The brunette unwound her legs and made two drinks with soda and ice. She took herself another gill without trimmings, wound herself back on the davenport. Her big glittering black eyes watched me solemnly.

«Well, here’s how,» the big man said, lifting his glass in salute. «I haven’t murdered anybody, but I’ve got a divorce suit on my hands from now on. You haven’t murdered anybody, the way you tell it, but you laid an egg down at police Headquarters. What the hell! Life’s a lot of trouble, anyway you look at it. I’ve still got honeybunch here. She’s a white Russian I met in Shanghai. She’s safe as a vault and she looks as if she could cut your throat for a nickel. That’s what I like about her. You get the glamor without the risk.»

«You talk damn foolish,» the girl spat him.

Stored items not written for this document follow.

Lemma double_sum_closed (q_neq0 : q != 0) d n :
  \sum_(d.+1 <= k < n.+1) \sum_(k.+1 <= j < n.+2)
     q ^ (((((j%:Z) ^+ 2 - 3 * (j%:Z) + (k%:Z) ^+ 2 - k%:Z) %/ 2)%Z
             - (d%:Z) ^+ 2 + 1))
     * (1 + q ^+ (j - 1)) / (1 + q ^+ n)
     * qb (2 * n) (n.+1 - j)
  = double_sum d n / (q ^+ (d * d) * (1 + q ^+ n)).
Proof.
have bin2x2 k : ('C(k.+1, 2) * 2 = k * k.+1)%N.
  by elim: k => // k IH; rewrite bin2S; nia.
rewrite big_add1 /double_sum mulr_suml; apply: eq_big_nat => s /andP[_ lt_sn].
rewrite !big_add1 /tail_sum mulr_sumr mulr_suml; apply: eq_big_nat => t /andP[_ lt_tn].
rewrite (_ : (t.+2 - 1 = t.+1)%N) // qbinom_sym; last by lia.
rewrite (_ : (2 * n - (n.+1 - t.+2) = (n + t).+1)%N); last by lia.
have -> : ((((t.+2%:Z) ^+ 2 - 3 * (t.+2%:Z) + (s.+1%:Z) ^+ 2 - s.+1%:Z) %/ 2)%Z
             - (d%:Z) ^+ 2 + 1) = ('C(t.+1, 2) + 'C(s.+1, 2))%N%:Z - (d * d)%N%:Z.
  have ht := bin2x2 t; have hs := bin2x2 s.
  have -> : (t.+2%:Z) ^+ 2 - 3 * (t.+2%:Z) + (s.+1%:Z) ^+ 2 - s.+1%:Z
            = (('C(t.+1, 2) + 'C(s.+1, 2))%N%:Z - 1) * 2 by rewrite !expr2; nia.
  by rewrite mulzK // expr2; lia.
rewrite expfzDr // -exprz_inv -!exprnP exprVn exprD.
by field; rewrite nz_1addq expf_neq0.
Qed.

End QBinomial.

Lemma qX_neq0 : qX != 0.
Proof. by rewrite /qX tofrac_eq0 polyX_eq0. Qed.

Lemma qX_expE i : qX ^+ i = FracField.tofrac ('X^i : {poly rat}).
Proof. by rewrite /qX tofracXn. Qed.

Lemma one_sub_qX_neq0 i : 1 - qX ^+ i.+1 != 0.
Proof.
rewrite qX_expE -tofrac1 -tofracB tofrac_eq0 subr_eq0.
by apply/eqP => /(congr1 (fun p : {poly rat} => size p)); rewrite size_polyXn size_poly1.
Qed.

Lemma one_add_qX_neq0 i : 1 + qX ^+ i != 0.
Proof.
rewrite qX_expE -tofrac1 -tofracD tofrac_eq0.
case: i => [|i]; first by rewrite expr0 -polyC1 -polyCD polyC_eq0.
by rewrite addrC -size_poly_eq0 size_polyDl ?size_polyXn ?size_poly1.
Qed.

«You look O.K. to me,» the big man went on ignoring her. «That is, for a keyhole peeper. Is there an out?»

«Yeah. But it will cost a little money.»

«I expected that. How much?»

«Say another five hundred.»

«Goddam, thees hot wind make me dry like the ashes of love,» the Russian girl said bitterly.

«Five hundred might do,» the blond man said. «What do I get for it?»

«If I swing it — you get left out of the story. If I don’t — you don’t pay.»

He thought it over. His face looked lined and tired now. The small beads of sweat twinkled in his short blond hair.

«This murder will make you talk,» he grumbled. «The second one, I mean. And I don’t have what I was going to buy. And if it’s a hush, I’d rather buy it direct.»

«Who was the little brown man?» I asked.

«Name’s Leon Valesanos, a Uruguayan. Another of my importations. I’m in a business that takes me a lot of places. He was working in the Spezzia Club in Chiseltown — you know, the strip of Sunset next to Beverly Hills. Working on roulette, I think. I gave him the five hundred to go down to this — this Waldo — and buy back some bills for stuff Miss Kolchenko had charged to my account and delivered here. That wasn’t bright, was it? I had them in my briefcase and this Waldo got a chance to steal them. What’s your hunch about what happened?»

I sipped my drink and looked at him down my nose. «Your Uruguayan pal probably talked curt and Waldo didn’t listen good. Then the little guy thought maybe that Mauser might help his argument — and Waldo was too quick for him. I wouldn’t say Waldo was a killer — not by intention. A blackmailer seldom is. Maybe he lost his temper and maybe he just held on to the little guy’s neck too long. Then he had to take it on the lam. But he had another date, with more money coming up. And he worked the neighborhood looking for the party. And accidentally he ran into a pal who was hostile enough and drunk enough to blow him down.»

«There’s a hell of a lot of coincidence in all this business,» the big man said.

«It’s the hot wind,» I grinned. «Everybody’s screwy tonight.»

«For the five hundred you guarantee nothing? If I don’t get my cover-up, you don’t get your dough. Is that it?»

«That’s it,» I said, smiling at him.

«Screwy is right,» he said, and drained his highball. «I’m taking you up on it.»

«There are just two things,» I said softly, leaning forward in my chair. «Waldo had a getaway car parked outside the cocktail bar where he was killed, unlocked with the motor running. The killer took it. There’s always the chance of a kickback from that direction. You see, all Waldo’s stuff must have been in that car.»